Brief: All of the records should be given back exactly and in full.

Records to process:
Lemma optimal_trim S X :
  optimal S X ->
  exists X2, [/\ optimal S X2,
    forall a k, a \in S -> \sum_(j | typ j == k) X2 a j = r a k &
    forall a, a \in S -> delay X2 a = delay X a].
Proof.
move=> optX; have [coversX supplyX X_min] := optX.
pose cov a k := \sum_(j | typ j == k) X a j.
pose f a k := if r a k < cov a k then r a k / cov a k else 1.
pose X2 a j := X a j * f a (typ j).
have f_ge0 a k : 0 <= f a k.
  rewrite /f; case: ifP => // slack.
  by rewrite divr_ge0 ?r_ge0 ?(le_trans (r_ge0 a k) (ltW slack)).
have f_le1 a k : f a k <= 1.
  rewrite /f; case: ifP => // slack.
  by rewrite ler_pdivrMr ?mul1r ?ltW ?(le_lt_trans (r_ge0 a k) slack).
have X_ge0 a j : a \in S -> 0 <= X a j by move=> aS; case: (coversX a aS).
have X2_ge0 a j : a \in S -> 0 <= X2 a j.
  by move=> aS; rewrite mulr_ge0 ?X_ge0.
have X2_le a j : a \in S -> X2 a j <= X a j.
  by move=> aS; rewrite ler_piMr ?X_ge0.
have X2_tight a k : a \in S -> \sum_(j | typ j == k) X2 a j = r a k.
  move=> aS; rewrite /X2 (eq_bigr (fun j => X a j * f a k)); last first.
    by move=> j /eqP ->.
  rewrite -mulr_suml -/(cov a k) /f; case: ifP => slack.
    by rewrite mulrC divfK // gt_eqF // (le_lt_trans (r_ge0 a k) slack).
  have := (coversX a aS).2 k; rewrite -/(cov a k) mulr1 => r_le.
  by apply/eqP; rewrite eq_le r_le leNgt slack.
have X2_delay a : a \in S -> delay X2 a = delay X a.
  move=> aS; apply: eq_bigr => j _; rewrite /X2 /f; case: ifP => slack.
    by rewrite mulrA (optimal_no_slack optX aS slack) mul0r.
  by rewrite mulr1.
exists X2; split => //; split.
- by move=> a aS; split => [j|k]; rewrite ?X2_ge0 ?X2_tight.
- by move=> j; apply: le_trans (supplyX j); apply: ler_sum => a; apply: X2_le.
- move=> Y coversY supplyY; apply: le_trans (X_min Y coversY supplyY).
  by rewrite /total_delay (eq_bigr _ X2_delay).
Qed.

Answer to this exercise:
Lemma optimal_trim S X :
  optimal S X ->
  exists X2, [/\ optimal S X2,
    forall a k, a \in S -> \sum_(j | typ j == k) X2 a j = r a k &
    forall a, a \in S -> delay X2 a = delay X a].
Proof.
move=> optX; have [coversX supplyX X_min] := optX.
pose cov a k := \sum_(j | typ j == k) X a j.
pose f a k := if r a k < cov a k then r a k / cov a k else 1.
pose X2 a j := X a j * f a (typ j).
have f_ge0 a k : 0 <= f a k.
  rewrite /f; case: ifP => // slack.
  by rewrite divr_ge0 ?r_ge0 ?(le_trans (r_ge0 a k) (ltW slack)).
have f_le1 a k : f a k <= 1.
  rewrite /f; case: ifP => // slack.
  by rewrite ler_pdivrMr ?mul1r ?ltW ?(le_lt_trans (r_ge0 a k) slack).
have X_ge0 a j : a \in S -> 0 <= X a j by move=> aS; case: (coversX a aS).
have X2_ge0 a j : a \in S -> 0 <= X2 a j.
  by move=> aS; rewrite mulr_ge0 ?X_ge0.
have X2_le a j : a \in S -> X2 a j <= X a j.
  by move=> aS; rewrite ler_piMr ?X_ge0.
have X2_tight a k : a \in S -> \sum_(j | typ j == k) X2 a j = r a k.
  move=> aS; rewrite /X2 (eq_bigr (fun j => X a j * f a k)); last first.
    by move=> j /eqP ->.
  rewrite -mulr_suml -/(cov a k) /f; case: ifP => slack.
    by rewrite mulrC divfK // gt_eqF // (le_lt_trans (r_ge0 a k) slack).
  have := (coversX a aS).2 k; rewrite -/(cov a k) mulr1 => r_le.
  by apply/eqP; rewrite eq_le r_le leNgt slack.
have X2_delay a : a \in S -> delay X2 a = delay X a.
  move=> aS; apply: eq_bigr => j _; rewrite /X2 /f; case: ifP => slack.
    by rewrite mulrA (optimal_no_slack optX aS slack) mul0r.
  by rewrite mulr1.
exists X2; split => //; split.
- by move=> a aS; split => [j|k]; rewrite ?X2_ge0 ?X2_tight.
- by move=> j; apply: le_trans (supplyX j); apply: ler_sum => a; apply: X2_le.
- move=> Y coversY supplyY; apply: le_trans (X_min Y coversY supplyY).
  by rewrite /total_delay (eq_bigr _ X2_delay).
Qed.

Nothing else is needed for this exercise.